Here, the pigeons are the subsets of S, and the pigeonholes are the possible subset sums. There are 2^k=1024 subsets; how many possible sums are there? The empty set has sum zero, and the set \{91,92,93,94,95,96,97,98,99,100\} has the largest possible sum 955, for a total of

1+\frac{n(n+1)}{2}-\frac{(n-k)(n-k+1)}{2}

or 956 pigeonholes. If we put 1024 subsets into 956 pigeonholes labeled 0 to 955 according to their subset sum, then some pigeonhole must contain at least two pigeons, that is, there must exist two distinct subsets with the same sum.

The version of this problem at Cut-the-Knot asks for disjoint non-empty subsets with the same sum. It’s an exercise for the reader to show that this doesn’t really affect feasibility of the problem. However, the corresponding proof has an issue:

There are 1024 subsets of the 10 integers, but there can be only 901 (=955-55+1) possible sums, the number of integers between the minimum and maximum sums of ten distinct integers between 1 and 100. With more subsets than possible sums, there must exist at least one sum that corresponds to at least two subsets.

The argument here is that we only need 901 pigeonholes, labeled 55 through 955, since 55 is the minimum sum of the ten integers 1 through 10. But this is invalid, since it’s possible for some of our 1024 pigeons (subsets) to need to go into pigeonholes with labels (subset sums) that are less than 55, the empty set with sum zero being one extreme example.

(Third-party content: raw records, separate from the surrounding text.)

Lemma gcommE g h : gcomm mul inv g h * (h * g) = g * h.
Proof. by rewrite /gcomm -!mulgA mulKg mulVg mulg1. Qed.

Lemma lquot_eq c g a : a = g * c -> g^-1 * a = c.
Proof. by move->; rewrite mulKg. Qed.

Lemma lquot_eqV c g a : c * a = g -> c * g = g * c -> g^-1 * a = c^-1.
Proof.
move=> caE cgC; apply: invg_unique.
have cVgC : c * g^-1 = g^-1 * c.
  by apply: (mulgI (x := g)); rewrite mulKVg mulgA -cgC -mulgA mulgV mulg1.
by rewrite mulgA cVgC -mulgA caE mulVg.
Qed.

Definition pm_of (c x : G) : Prop := x = c \/ x = c^-1.

Lemma in_cyc_cube c z : c * (c * c) = 1 ->
  in_cyc mul one inv c z <-> [\/ z = 1, z = c | z = c * c].
Proof.
move=> c3.
have iterP k : [\/ iter k (mul c) 1 = 1, iter k (mul c) 1 = c
               | iter k (mul c) 1 = c * c].
  elim: k => [|k [] /= ->]; [exact: Or31 | | |].
  - by apply: Or32; rewrite mulg1.
  - exact: Or33.
  - exact: Or31.
split.
- case=> [[k|k] ->] /=; first exact: iterP.
  case: (iterP k.+1) => /= ->.
  + by apply: Or31; apply/esym/invg_unique; rewrite mul1g.
  + by apply: Or33; apply/esym/invg_unique.
  + by apply: Or32; apply/esym/invg_unique; rewrite -mulgA.
- by case=> ->; [exists 0%Z | exists 1%Z | exists 2%Z]; rewrite /= ?mulg1.
Qed.

Lemma same_cyc_pm c x : c * (c * c) = 1 -> pm_of c x -> same_cyc mul one inv x c.
Proof.
move=> c3 [-> //|->].
have cVE : c^-1 = c * c by apply/esym/invg_unique.
have c3r r : c * (c * (c * r)) = r by rewrite !mulgA -(mulgA c) c3 mul1g.
have c2_3 : c * c * (c * c * (c * c)) = 1 by rewrite -!mulgA c3r.
have c2_2 : c * c * (c * c) = c by rewrite -!mulgA c3r.
move=> z; rewrite cVE (in_cyc_cube _ c2_3) (in_cyc_cube _ c3) c2_2.
by split; case=> ->; [apply: Or31 | apply: Or33 | apply: Or32
                     | apply: Or31 | apply: Or33 | apply: Or32].
Qed.

(* The conclusion of the theorem for the pair (g, h), with a, b standing for
   phi g, phi h: the commutator c = (g,h) has c^3 = 1 and both g^-1 a and
   h^-1 b lie in {c, c^-1}. *)
Definition comm_cube_pm (g h a b : G) : Prop :=
  let c := gcomm mul inv g h in
  c * (c * c) = 1 /\ pm_of c (g^-1 * a) /\ pm_of c (h^-1 * b).

(* The group-theoretic core of each case: from the relations of (C3)-(C6)
   together with the two relations forced by the skew congruence (a, b stand
   for phi g, phi h), one derives c a = g or g c = a, c h = b or c b = h,
   that c commutes with g and h, and then c^3 = 1. *)
Lemma comm_cube_pm_C3 g h a b
  (e1 : h * g = a * h) (e2 : h * g = g * b) (e3 : b * a = g * h)
  (e4 : a * b = h * a) (e5 : h * a = b * g) : comm_cube_pm g h a b.
Proof.
rewrite /comm_cube_pm; have e0 := gcommE g h; set c := gcomm _ _ g h in e0 *.
clearbody c.
have caE : c * a = g by apply: (mulIg (x := h)); rewrite -mulgA -e1 e0.
have chC : c * h = h * c.
  by apply: (mulIg (x := a)); rewrite -!mulgA -e4 (mulg_rassoc _ caE) -e2 caE.
have cbE : c * b = h.
  by apply: (mulIg (x := g)); rewrite -mulgA -e5 (mulg_rassoc2 _ chC) caE.
have cgC : c * g = g * c.
  by apply: (mulIg (x := b)); rewrite -!mulgA -e2 e0 cbE.
split.
  apply: (mulIg (x := g * h)); rewrite mul1g -!mulgA -e3.
  by rewrite (mulg_rassoc _ cbE) (mulg_rassoc2 _ chC) caE e0.
by split; right; apply: lquot_eqV.
Qed.

Lemma comm_cube_pm_C4 g h a b
  (e1 : g * h = h * a) (e2 : h * g = g * b) (e3 : a * b = g * h)
  (e4 : b * a = h * g) (e5 : b * g = a * h) : comm_cube_pm g h a b.
Proof.
rewrite /comm_cube_pm; have e0 := gcommE g h; set c := gcomm _ _ g h in e0 *.
clearbody c.
have chC : c * h = h * c.
  apply: (mulIg (x := h * g)); rewrite -!mulgA e0 e2 (mulg_rassoc3 _ e0).
  by rewrite (mulg_rassoc2 _ e1) e3 e1.
have cgE : c * g = a.
  by apply: (mulgI (x := h)); rewrite -e1 -e0 (mulg_rassoc2 _ chC).
have bcE : b * c = h by apply: (mulIg (x := g)); rewrite -mulgA cgE e4.
have cbE : c * b = h by apply: (mulIg (x := c)); rewrite -mulgA bcE chC.
have cgC : c * g = g * c.
  by apply: (mulIg (x := b)); rewrite -!mulgA -e2 e0 cbE.
split.
  apply: (mulIg (x := h * g)); rewrite mul1g -!mulgA e0.
  by rewrite (mulg_rassoc _ cgE) -e5 (mulg_rassoc _ cbE).
split; [left | right]; last exact: lquot_eqV.
by apply: lquot_eq; rewrite -cgE cgC.
Qed.

Lemma comm_cube_pm_C5 g h a b
  (e1 : g * h = b * g) (e2 : b * g = a * b) (e3 : h * a = g * b)
  (e4 : h * g = b * a) (e5 : b * a = a * h) : comm_cube_pm g h a b.
Proof.
rewrite /comm_cube_pm; have e0 := gcommE g h; set c := gcomm _ _ g h in e0 *.
clearbody c.
have chE : c * h = b by apply: (mulIg (x := g)); rewrite -mulgA e0 e1.
have caE : c * a = g by apply: (mulIg (x := h)); rewrite -mulgA -e5 -e4 e0.
have cgC : c * g = g * c.
  by apply: (mulIg (x := h)); rewrite -!mulgA chE e1 e2 (mulg_rassoc _ caE).
have chC : c * h = h * c.
  by apply: (mulIg (x := a)); rewrite -!mulgA (mulg_rassoc _ chE) -e4 caE.
split.
  apply: (mulIg (x := h * g)); rewrite mul1g -!mulgA e0.
  by rewrite (mulg_rassoc2 _ cgC) chE -e3 (mulg_rassoc2 _ chC) caE.
split; [right | left]; first exact: lquot_eqV.
by apply: lquot_eq; rewrite -chE chC.
Qed.

Lemma comm_cube_pm_C6 g h a b
  (e1 : g * h = b * g) (e2 : b * g = h * a) (e3 : a * b = h * g)
  (e4 : b * a = g * b) (e5 : g * b = a * h) : comm_cube_pm g h a b.
Proof.
rewrite /comm_cube_pm; have e0 := gcommE g h; set c := gcomm _ _ g h in e0 *.
clearbody c.
have chE : c * h = b by apply: (mulIg (x := g)); rewrite -mulgA e0 e1.
have gcE : g * c = a by apply: (mulIg (x := h)); rewrite -mulgA chE e5.
have hcC : h * c = c * h.
  apply: (mulgI (x := g)); rewrite chE -e4 -gcE -chE -!mulgA.
  by rewrite (mulg_rassoc3 _ e0).
have cgC : c * g = g * c.
  by apply: (mulgI (x := h)); rewrite (mulg_rassoc2 _ hcC) e0 e1 e2 -gcE.
split.
  apply: (mulIg (x := h * g)); rewrite mul1g -!mulgA e0.
  by rewrite !(mulg_rassoc2 _ cgC) chE -e3 -gcE -mulgA.
by split; left; apply: lquot_eq; rewrite ?gcE // -chE hcC.
Qed.

End GroupCalculus.

(* Each condition (C3)-(C6) and the skew congruence at a well-chosen z force
   two further relations (the count at z can only balance mod 3 if both
   unknown products equal z); then the group-theoretic core applies. *)
Section Conditions.
Variables (G : eqType) (mul : G -> G -> G) (one : G) (inv : G -> G) (phi : G -> G).
Hypothesis HG : group_axioms mul one inv.
Hypothesis phiM : forall x y, phi (mul x y) = mul (phi y) (phi x).
Hypothesis skew_count : forall x y z,
  (skew_coeff3 mul phi x y z = skew_coeff3 mul phi y x z %[mod 3])%N.

Local Notation "x * y" := (mul x y).

Lemma condition_C3 g h (H1 : phi (g * h) = g * h) (H2 : h * g = phi g * h)
  (H3 : phi g * h = g * phi h) : comm_cube_pm mul one inv g h (phi g) (phi h).
Proof.
rewrite phiM in H1.
have /andP[/eqP E4 /eqP E5] :
    (h * phi g == phi g * phi h) && (phi h * g == phi g * phi h).
  move: (skew_count g h (phi g * phi h)).
  by rewrite /skew_coeff3 -H3 -H2 H1 eqxx; do 4!case: (_ == _).
apply: comm_cube_pm_C3 => //; first by rewrite H2.
by rewrite E4.
Qed.

Lemma condition_C4 g h (H1 : g * h = h * phi g) (H2 : h * phi g = phi g * phi h)
  (H3 : phi h * g = phi g * h) : comm_cube_pm mul one inv g h (phi g) (phi h).
Proof.
have /andP[/eqP E4 /eqP E5] : (phi h * phi g == h * g) && (g * phi h == h * g).
  move: (skew_count g h (h * g)).
  by rewrite /skew_coeff3 -H2 -H1 H3 eqxx; do 4!case: (_ == _).
by apply: comm_cube_pm_C4 => //; rewrite -H2 -H1.
Qed.

Lemma condition_C5 g h (H1 : g * h = phi h * g) (H2 : phi h * g = phi g * phi h)
  (H3 : h * phi g = g * phi h) : comm_cube_pm mul one inv g h (phi g) (phi h).
Proof.
have /andP[/eqP E4 /eqP E5] : (phi h * phi g == h * g) && (phi g * h == h * g).
  move: (skew_count g h (h * g)).
  by rewrite /skew_coeff3 -H2 -H1 -H3 eqxx; do 4!case: (_ == _).
by apply: comm_cube_pm_C5 => //; rewrite E4 E5.
Qed.

Lemma condition_C6 g h (H1 : phi (h * g) = h * g) (H2 : g * h = phi h * g)
  (H3 : phi h * g = h * phi g) : comm_cube_pm mul one inv g h (phi g) (phi h).
Proof.
rewrite phiM in H1.
have /andP[/eqP E4 /eqP E5] :
    (g * phi h == phi h * phi g) && (phi g * h == phi h * phi g).
  move: (skew_count g h (phi h * phi g)).
  by rewrite /skew_coeff3 H1 -H3 -H2 eqxx; do 4!case: (_ == _).
by apply: comm_cube_pm_C6 => //; rewrite E4 E5.
Qed.
End Conditions.

Theorem lemma3p7 (R : comNzRingType) (G : eqType)
  (mul : G -> G -> G) (one : G) (inv : G -> G) (phi : G -> G)
  (HG : group_axioms mul one inv) (Hphi : is_involution mul phi)
  (Hchar : 3%N \in [pchar R])
  (Hcomm : skew_commutative R mul phi)
  (g h : G) (Hg : phi g <> g) (Hh : phi h <> h) (Hgh : mul g h <> mul h g)
  (Hcond :
     (phi (mul g h) = mul g h /\ mul h g = mul (phi g) h /\ mul (phi g) h = mul g (phi h))
  \/ (mul g h = mul h (phi g) /\ mul h (phi g) = mul (phi g) (phi h)
      /\ mul (phi h) g = mul (phi g) h)
  \/ (mul g h = mul (phi h) g /\ mul (phi h) g = mul (phi g) (phi h)
      /\ mul h (phi g) = mul g (phi h))
  \/ (phi (mul h g) = mul h g /\ mul g h = mul (phi h) g /\ mul (phi h) g = mul h (phi g))) :
  same_cyc mul one inv (mul (inv g) (phi g)) (gcomm mul inv g h) /\
  same_cyc mul one inv (mul (inv h) (phi h)) (gcomm mul inv g h) /\
  (let c := gcomm mul inv g h in mul c (mul c c) = one).
Proof.
case: Hphi => phiM phiK.
have skew_count := skew_coeff3_sym phiK Hchar Hcomm.
have [c3 [pm_g pm_h]] : comm_cube_pm mul one inv g h (phi g) (phi h).
  case: Hcond => [|[|[]]] [H1 [H2 H3]].
  - exact: condition_C3 HG phiM skew_count g h H1 H2 H3.
  - exact: condition_C4 HG skew_count g h H1 H2 H3.
  - exact: condition_C5 HG skew_count g h H1 H2 H3.
  - exact: condition_C6 HG phiM skew_count g h H1 H2 H3.
by split; [|split]; [exact: same_cyc_pm | exact: same_cyc_pm | exact: c3].
Qed.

This is tricky, since the logic here is wrong, but the conclusion is still true. To make the error more vivid, we need to consider a smaller version of the problem where the same invalid logic actually leads us to a false conclusion. Consider n=7 and k=4; then by the above reasoning, given any set S of 4 integers selected from \{1,2,3,4,5,6,7\}, there are 2^k=16 subsets of S, but only

\frac{n(n+1)}{2}-\frac{(n-k)(n-k+1)}{2}-\frac{k(k+1)}{2}+1

or 13 pigeonholes with labels from 1+2+3+4=10 to 4+5+6+7=22, suggesting that we should be able to find two distinct subsets of S with the same sum… and yet the set S=\{3,5,6,7\} is a counterexample, since all 16 of its subsets have distinct sums.

The converse is false

This problem has parameters (n,k) that we can vary. Let P(n,k) be the predicate asserting that every set S of k positive integers each at most n has distinct subsets with the same sum. Then we have seen above that P(100,10) is true, and that P(7,4) is false.

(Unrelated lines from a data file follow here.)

(* Let $(X, M, \ast)$ be a stationary fuzzy metric space (in the sense of George and Veeramani), and write $M(x,y)$ for the constant value of $M(x,y,t)$, $t>0$. Then for every $y\in X$, the function $M_y: X\to\mathbb{R}$, $M_y(x)=M(x,y)$, is $\mathbb{R}$-uniformly continuous; that is, for every $\varepsilon>0$ there exist $s>0$ and $\delta\in(0,1)$ such that for all $x,z\in X$, $M(x,z,s)>1-\delta$ implies $|M_y(x)-M_y(z)|<\varepsilon$.
   Context: A continuous $t$-norm $\ast$ is a continuous binary operation on $[0,1]$ that is associative, commutative, nondecreasing in each argument, and has $1$ as neutral element. A fuzzy metric space (George–Veeramani) is a triple $(X,M,\ast)$ where $X$ is a nonempty set, $\ast$ is a continuous $t$-norm, and $M: X\times X\times(0,+\infty)\to[0,1]$ satisfies, for all $x,y,z\in X$ and $s,t>0$: (GV1) $M(x,y,t)>0$; (GV2) $M(x,y,t)=1$ iff $x=y$; (GV3) $M(x,y,t)=M(y,x,t)$; (GV4) $M(x,y,t)\ast M(y,z,s)\le M(x,z,t+s)$; (GV5) $t\mapsto M(x,y,t)$ is continuous on $(0,+\infty)$. The fuzzy metric $M$ is stationary if for all $x,y\in X$ the function $t\mapsto M(x,y,t)$ is constant. A map $f:X\to\mathbb{R}$ on a fuzzy metric space $(X,M,\ast)$ is $\mathbb{R}$-uniformly continuous if for every $\varepsilon>0$ there exist $s>0$ and $\delta\in(0,1)$ such that $M(x,y,s)>1-\delta$ implies $|f(x)-f(y)|<\varepsilon$. *)

From Stdlib Require Import Reals.
Open Scope R_scope.

(* A continuous t-norm on [0,1]: values outside [0,1] are irrelevant; all
   axioms are required on [0,1] only. Continuity is joint continuity on
   [0,1]x[0,1]. *)
Definition in01 (a : R) : Prop := 0 <= a <= 1.

Definition continuous_tnorm (T : R -> R -> R) : Prop :=
  (forall a b, in01 a -> in01 b -> in01 (T a b)) /\
  (forall a b c, in01 a -> in01 b -> in01 c -> T a (T b c) = T (T a b) c) /\
  (forall a b, in01 a -> in01 b -> T a b = T b a) /\
  (forall a b c d, in01 a -> in01 b -> in01 c -> in01 d ->
      a <= c -> b <= d -> T a b <= T c d) /\
  (forall a, in01 a -> T a 1 = a) /\
  (forall a b, in01 a -> in01 b -> forall eps, eps > 0 ->
     exists del, del > 0 /\ forall c d, in01 c -> in01 d ->
       Rabs (c - a) < del -> Rabs (d - b) < del -> Rabs (T c d - T a b) < eps).

Definition GV_fuzzy_metric {X : Type} (M : X -> X -> R -> R) (T : R -> R -> R)
  : Prop :=
  inhabited X /\ continuous_tnorm T /\
  (forall x y t, t > 0 -> in01 (M x y t)) /\
  (forall x y t, t > 0 -> M x y t > 0) /\
  (forall x y t, t > 0 -> (M x y t = 1 <-> x = y)) /\
  (forall x y t, t > 0 -> M x y t = M y x t) /\
  (forall x y z t s, t > 0 -> s > 0 -> T (M x y t) (M y z s) <= M x z (t + s)) /\
  (forall x y t, t > 0 -> continuity_pt (fun u => M x y u) t).

Definition stationary {X : Type} (M : X -> X -> R -> R) : Prop :=
  forall x y t s, t > 0 -> s > 0 -> M x y t = M x y s.

Definition R_uniformly_continuous {X : Type} (M : X -> X -> R -> R)
  (f : X -> R) : Prop :=
  forall eps, eps > 0 -> exists s delta, s > 0 /\ 0 < delta < 1 /\
    forall x y, M x y s > 1 - delta -> Rabs (f x - f y) < eps.

(** Continuity of [T] at the finitely many points [(1, k/n)], combined with
    monotonicity in the second argument, makes [T a b > b - eps] for all
    [a] close to 1, uniformly in [b]. In a stationary fuzzy metric the
    triangle axiom reads [T (M x z) (M z y) <= M x y]; if [M x z] is close
    to 1 this gives [M x y > M z y - eps], and symmetrically with [x] and
    [z] swapped. *)

From Stdlib Require Import Reals Lra Lia.
Open Scope R_scope.

Lemma common_threshold (P : nat -> R -> Prop) (m : nat) :
  (forall k d d', 0 < d' <= d -> P k d -> P k d') ->
  (forall k, (k <= m)%nat -> exists d, d > 0 /\ P k d) ->
  exists d, d > 0 /\ forall k, (k <= m)%nat -> P k d.
Proof.
  intros Pmono Pex; induction m as [|m IH].
  - destruct (Pex 0%nat (Nat.le_refl 0)) as [d [d_gt0 Pd]].
    exists d; split; [exact d_gt0|].
    intros k k_le0; replace k with 0%nat by lia; exact Pd.
  - destruct IH as [d [d_gt0 Pd]]; [intros k k_le; apply Pex; lia|].
    destruct (Pex (S m) (Nat.le_refl _)) as [d' [d'_gt0 Pd']].
    exists (Rmin d d'); split; [now apply Rmin_glb_lt|].
    intros k k_le; destruct (Nat.le_gt_cases k m) as [k_le_m | k_gt_m].
    + apply (Pmono k d); [split; [now apply Rmin_glb_lt | apply Rmin_l]|].
      now apply Pd.
    + replace k with (S m) by lia.
      apply (Pmono (S m) d'); [split; [now apply Rmin_glb_lt | apply Rmin_r]|].
      exact Pd'.
Qed.

Lemma grid_point_below (n : nat) (b : R) : (0 < n)%nat -> 0 <= b ->
  forall k, b <= INR k / INR n ->
  exists j, (j <= k)%nat /\ INR j / INR n <= b <= INR j / INR n + / INR n.
Proof.
  intros n_gt0 b_ge0.
  assert (n_pos : 0 < INR n) by (apply lt_0_INR; lia).
  induction k as [|k IH]; intros b_le.
  - exists 0%nat; split; [lia|].
    assert (0 < / INR n) by (apply Rinv_0_lt_compat; lra).
    rewrite Rdiv_0_l in *; lra.
  - destruct (Rle_dec b (INR k / INR n)) as [b_le_k | b_gt_k].
    + destruct (IH b_le_k) as [j [j_le Hj]].
      exists j; split; [lia | exact Hj].
    + apply Rnot_le_lt in b_gt_k.
      exists k; split; [lia|].
      rewrite S_INR in b_le.
      replace ((INR k + 1) / INR n) with (INR k / INR n + / INR n) in b_le
        by (field; lra).
      lra.
Qed.

Lemma grid_point_in01 (n k : nat) : (0 < n)%nat -> (k <= n)%nat ->
  in01 (INR k / INR n).
Proof.
  intros n_gt0 k_le.
  assert (n_pos : 0 < INR n) by (apply lt_0_INR; lia).
  assert (INR k <= INR n) by (apply le_INR; exact k_le).
  split.
  - apply Rle_mult_inv_pos; [apply pos_INR | exact n_pos].
  - apply (Rmult_le_reg_r (INR n)); [exact n_pos|].
    field_simplify; lra.
Qed.

Section ContinuousTnorm.

Variable T : R -> R -> R.
Hypothesis HT : continuous_tnorm T.

Lemma tnorm_near_1l (c e : R) : in01 c -> e > 0 ->
  exists d, d > 0 /\ forall a, in01 a -> 1 - a < d -> T a c > c - e.
Proof.
  intros c01 e_gt0.
  destruct HT as (_ & _ & Tcom & _ & Tone & Tcont).
  assert (one01 : in01 1) by (split; lra).
  destruct (Tcont 1 c one01 c01 e e_gt0) as [d [d_gt0 Hd]].
  exists d; split; [exact d_gt0|]; intros a a01 a_near.
  assert (close : Rabs (T a c - T 1 c) < e).
  { pose proof a01 as [_ a_le1]; apply Hd; trivial.
    - rewrite Rabs_left1; lra.
    - rewrite Rminus_diag, Rabs_R0; lra. }
  rewrite (Tcom 1 c), Tone in close by trivial.
  apply Rabs_def2 in close; lra.
Qed.

Lemma tnorm_near_1l_uniform (e : R) : e > 0 ->
  exists d, d > 0 /\
    forall a b, in01 a -> in01 b -> 1 - a < d -> T a b > b - e.
Proof.
  intros e_gt0.
  destruct (archimed_cor1 (e / 2) ltac:(lra)) as [n [n_inv_lt n_gt0]].
  assert (n_pos : 0 < INR n) by (apply lt_0_INR; lia).
  destruct (common_threshold
    (fun k d => forall a, in01 a -> 1 - a < d ->
       T a (INR k / INR n) > INR k / INR n - e / 2) n)
    as [d [d_gt0 Hd]].
  { intros k d d' [d'_gt0 d'_le] Hk a a01 a_near; apply Hk; trivial; lra. }
  { intros k k_le; apply tnorm_near_1l; [now apply grid_point_in01 | lra]. }
  exists d; split; [exact d_gt0|]; intros a b a01 b01 a_near.
  destruct (grid_point_below n b n_gt0 (proj1 b01) n)
    as [k [k_le [k_le_b b_le_k]]].
  { unfold Rdiv; rewrite Rinv_r by lra; apply b01. }
  assert (k01 : in01 (INR k / INR n)) by (apply grid_point_in01; trivial).
  assert (T a (INR k / INR n) <= T a b).
  { destruct HT as (_ & _ & _ & Tmon & _); apply Tmon; trivial; lra. }
  specialize (Hd k k_le a a01 a_near); lra.
Qed.

End ContinuousTnorm.

Lemma stationary_triangle (X : Type) (M : X -> X -> R -> R) (T : R -> R -> R)
  (HM : GV_fuzzy_metric M T) (Hst : stationary M) (x y z : X) (t : R) :
  t > 0 -> T (M x y t) (M y z t) <= M x z t.
Proof.
  intros t_gt0.
  destruct HM as (_ & _ & _ & _ & _ & _ & Htri & _).
  rewrite (Hst x z t (t + t)) by lra.
  now apply Htri.
Qed.

Theorem mainTheorem1 (X : Type) (M : X -> X -> R -> R) (T : R -> R -> R)
  (HM : GV_fuzzy_metric M T) (Hst : stationary M) (y : X) :
  R_uniformly_continuous M (fun x => M x y 1).
Proof.
  pose proof HM as (_ & HT & Hin & _ & _ & Hsym & _).
  intros eps eps_gt0.
  destruct (tnorm_near_1l_uniform T HT eps eps_gt0) as [d [d_gt0 Hd]].
  exists 1, (Rmin d (1 / 2)).
  pose proof (Rmin_l d (1 / 2)); pose proof (Rmin_r d (1 / 2)).
  split; [lra|]; split; [split; [apply Rmin_glb_lt; lra | lra]|].
  intros x z xz_near.
  assert (one_gt0 : 1 > 0) by lra.
  assert (via_z : T (M x z 1) (M z y 1) <= M x y 1)
    by now apply (stationary_triangle X M T HM Hst).
  assert (via_x : T (M x z 1) (M x y 1) <= M z y 1).
  { rewrite (Hsym x z 1 one_gt0).
    now apply (stationary_triangle X M T HM Hst). }
  pose proof (Hd (M x z 1) (M z y 1) (Hin _ _ _ one_gt0) (Hin _ _ _ one_gt0)).
  pose proof (Hd (M x z 1) (M x y 1) (Hin _ _ _ one_gt0) (Hin _ _ _ one_gt0)).
  apply Rabs_def1; lra.
Qed.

For another example, we can show that P(14,8) is true, using the pigeonhole principle as above: there are 2^8=256 possible subsets, and only 85 possible sums from zero to 7+8+9+10+11+12+13+14=84.

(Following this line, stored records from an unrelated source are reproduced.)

Lemma Theta_th0 : Theta th0.
Proof.
apply: ball_Theta => j; have := th_near j; rewrite lt_min => /andP[_ th_rho].
rewrite /th0 /zero_coords /J; case: eqP => [->|//].
by rewrite subrr normr0 (le_lt_trans _ th_rho).
Qed.

Lemma h_osc_at x : eclosure Theta x -> eucl (unshiftv thstar alpha T x) <= M ->
  `|h x - h thstar| <= K.
Proof.
move=> x_cl xM; rewrite -{1}(unshiftvK thstar alpha_neq0 x).
by apply: h_osc; [rewrite /UT /= unshiftvK | lra].
Qed.

Lemma sum_pen_zero_le : \sum_(j < n | J j) xi j * pen (th j) <= 2 * K.
Proof.
have th0_cl := subset_eclosure Theta_th0.
have := penalty_le_of_argmax pen0 (th_max th0_cl).
have := h_osc_at th_cl uhat_le.
have : `|h th0 - h thstar| <= K.
  apply: h_osc_at th0_cl (le_trans (ler_eucl _) uhat_le) => j.
  rewrite /unshiftv /th0 /zero_coords /J; case: eqP => [->|//].
  by rewrite subrr mul0r normr0.
rewrite -/th0 !ler_norml => /andP[? ?] /andP[? ?]; lra.
Qed.

Lemma zero_coord_le j : thstar j = 0 ->
  `|th j| * xi j `^ q^-1 <= (4 * K / lam) `^ q^-1.
Proof.
move=> thj0; have xi_pen : xi j * pen (th j) <= 2 * K.
  apply: le_trans sum_pen_zero_le; rewrite (bigD1 j) /J ?thj0 //= lerDl.
  by apply: sumr_ge0 => k _; rewrite mulr_ge0 ?pen_ge0 // ltW.
have [->|th_neq0] := eqVneq (th j) 0; first by rewrite normr0 mul0r powR_ge0.
apply: powR_mul_le => //; rewrite ler_pdivlMr //.
have := th_near j; rewrite thj0 subr0 lt_min => /andP[th_delta _].
have := pen_lb (x := th j); rewrite normr_gt0 th_neq0 th_delta => /(_ isT) pen_gt.
have := xi_gt0 j; nra.
Qed.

Can we make k smaller, and guarantee that smaller sets of integers still must have distinct subsets with the same sum? We can; the reader can verify that the pigeonhole argument works to show that P(14,7) is also true.

What about P(14,6)? Here, the same pigeonhole argument doesn’t work: there are only 2^6=64 pigeons, but 70 available pigeonholes with sum labels from zero to 9+10+11+12+13+14=69.

However, the pigeonhole inequality being false does not imply that the desired conclusion is also necessarily false. It turns out that P(14,6) is true; our pigeonhole argument is simply not sharp enough to show it.

This specific instance P(14,6) is a nice exercise to show that we can still use the pigeonhole principle here, but we need to be more careful about how many pigeonholes we really need. But even the linked solution is still imperfect, in the sense that this refined pigeonhole argument still does not characterize those parameter values for which P(n,k) is true. For example, the refined argument doesn’t work to show P(6,4), or P(9,5), etc.

This appears to remain an open problem; see OEIS sequences A201052 and A276661 for additional reading.